BEGIN Data in this exercise

(* There exists an infinite maximal triangle-free graph which satisfies property $\mathscr{D}_k$ for every $k\ge1$ but which is not a blow-up of any finite graph.
   Context: A (possibly infinite) graph is maximal triangle-free if it contains no triangle but adding any new edge between non-adjacent vertices creates a triangle. Property $\mathscr{D}_k$: for every $m\in\{1,\dots,k\}$ and every sequence $x_1,\dots,x_{3m}$ of (not necessarily distinct) vertices there is a vertex $y$ with $|\{i\in[3m]: x_iy\in E(G)\}|\ge m+1$. A blow-up of $H$ is any graph obtained by replacing each vertex of $H$ by a non-empty independent set (possibly infinite) and each edge of $H$ by the complete bipartite graph between the corresponding sets, with no further edges. *)

From Stdlib Require Import Arith List.
Import ListNotations.

Record graph := Graph {
  vert : Type;
  adj : vert -> vert -> Prop;
  adj_sym : forall x y, adj x y -> adj y x;
  adj_irrefl : forall x, ~ adj x x
}.

Definition infinite_graph (G : graph) : Prop :=
  forall l : list (vert G), exists v, ~ In v l.

Definition triangle_free (G : graph) : Prop :=
  ~ exists x y z : vert G, adj G x y /\ adj G y z /\ adj G x z.

(* Maximal triangle-free: triangle-free, and adding any new edge xy between
   distinct non-adjacent vertices creates a triangle, i.e. x and y have a
   common neighbour. *)
Definition maximal_triangle_free (G : graph) : Prop :=
  triangle_free G /\
  forall x y : vert G, x <> y -> ~ adj G x y ->
    exists z, adj G x z /\ adj G z y.

Definition at_least_indices (n c : nat) (P : nat -> Prop) : Prop :=
  exists S : list nat, NoDup S /\
    (forall i, In i S -> i < n /\ P i) /\ c <= length S.

(* Property D_k: for every m in {1,..,k} and every sequence x_1..x_{3m}
   (indexed here by 0..3m-1, entries beyond are irrelevant) there is a
   vertex y adjacent to at least m+1 of the x_i (counted with index). *)
Definition property_D (k : nat) (G : graph) : Prop :=
  forall m : nat, 1 <= m -> m <= k ->
  forall x : nat -> vert G,
    exists y : vert G, at_least_indices (3 * m) (m + 1) (fun i => adj G (x i) y).

Record fin_graph := FinGraph {
  fg_n : nat;
  fg_adj : nat -> nat -> Prop;
  fg_sym : forall a b, a < fg_n -> b < fg_n -> fg_adj a b -> fg_adj b a;
  fg_irrefl : forall a, a < fg_n -> ~ fg_adj a a
}.

(* G is a blow-up of H: the vertex set of G is partitioned into non-empty
   classes f^{-1}(a), a a vertex of H (f surjective), each class is
   independent and two vertices are adjacent iff their classes are adjacent
   in H (complete bipartite between classes of an edge, no further edges). *)
Definition is_blowup_of (G : graph) (H : fin_graph) : Prop :=
  exists f : vert G -> nat,
    (forall v, f v < fg_n H) /\
    (forall a, a < fg_n H -> exists v, f v = a) /\
    (forall u v, adj G u v <-> fg_adj H (f u) (f v)).

Definition is_blowup_of_finite_graph (G : graph) : Prop :=
  exists H : fin_graph, is_blowup_of G H.

(* The graph is the circle R/Z restricted to the dyadic points of [0,1), two points being
   adjacent when their circular distance exceeds 1/3.  Since 3 does not divide a power of 2,
   no two dyadic points are exactly 1/3 apart.  Three arcs of length in (1/3, 2/3) cannot close
   up, so there is no triangle.  For a non-adjacent pair x, y the counterclockwise distance f
   from x to y is < 1/3 or > 2/3, and the point at counterclockwise distance f/2 + 1/2,
   resp. f/2, from x is a common neighbour.
   For D_k: if some half-open arc [x_j, x_j + 1/3) contained at most m of the 3m points for
   every j, then so would every arc (t, t + 1/3]; the three arcs of this form starting at x_0
   cover the circle, and the first one misses x_0, which gives fewer than 3m points.  Hence some
   [x_j, x_j + 1/3) contains m + 1 points, and a dyadic point roughly opposite to them is
   adjacent to all of them.
   Vertices in the same class of a blow-up have the same neighbourhood, but any two points
   u < v of [0, 1/4] are separated by a dyadic point slightly beyond u + 1/3; so a blow-up of
   a finite graph would have infinitely many classes. *)

From Stdlib Require Import List Lia Reals Lra ZArith Znumtheory FinFun.
From Stdlib Require Import Classical ClassicalEpsilon ProofIrrelevance.
Import ListNotations.
Local Open Scope nat_scope.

END Data in this exercise

Of the entries above, transcribe exactly those lines that fall between the line containing "fg_sym : forall" and the line containing "each class is", together with those two lines.

- _Response to this task_:
  fg_sym : forall a b, a < fg_n -> b < fg_n -> fg_adj a b -> fg_adj b a;
  fg_irrefl : forall a, a < fg_n -> ~ fg_adj a a
}.

(* G is a blow-up of H: the vertex set of G is partitioned into non-empty
   classes f^{-1}(a), a a vertex of H (f surjective), each class is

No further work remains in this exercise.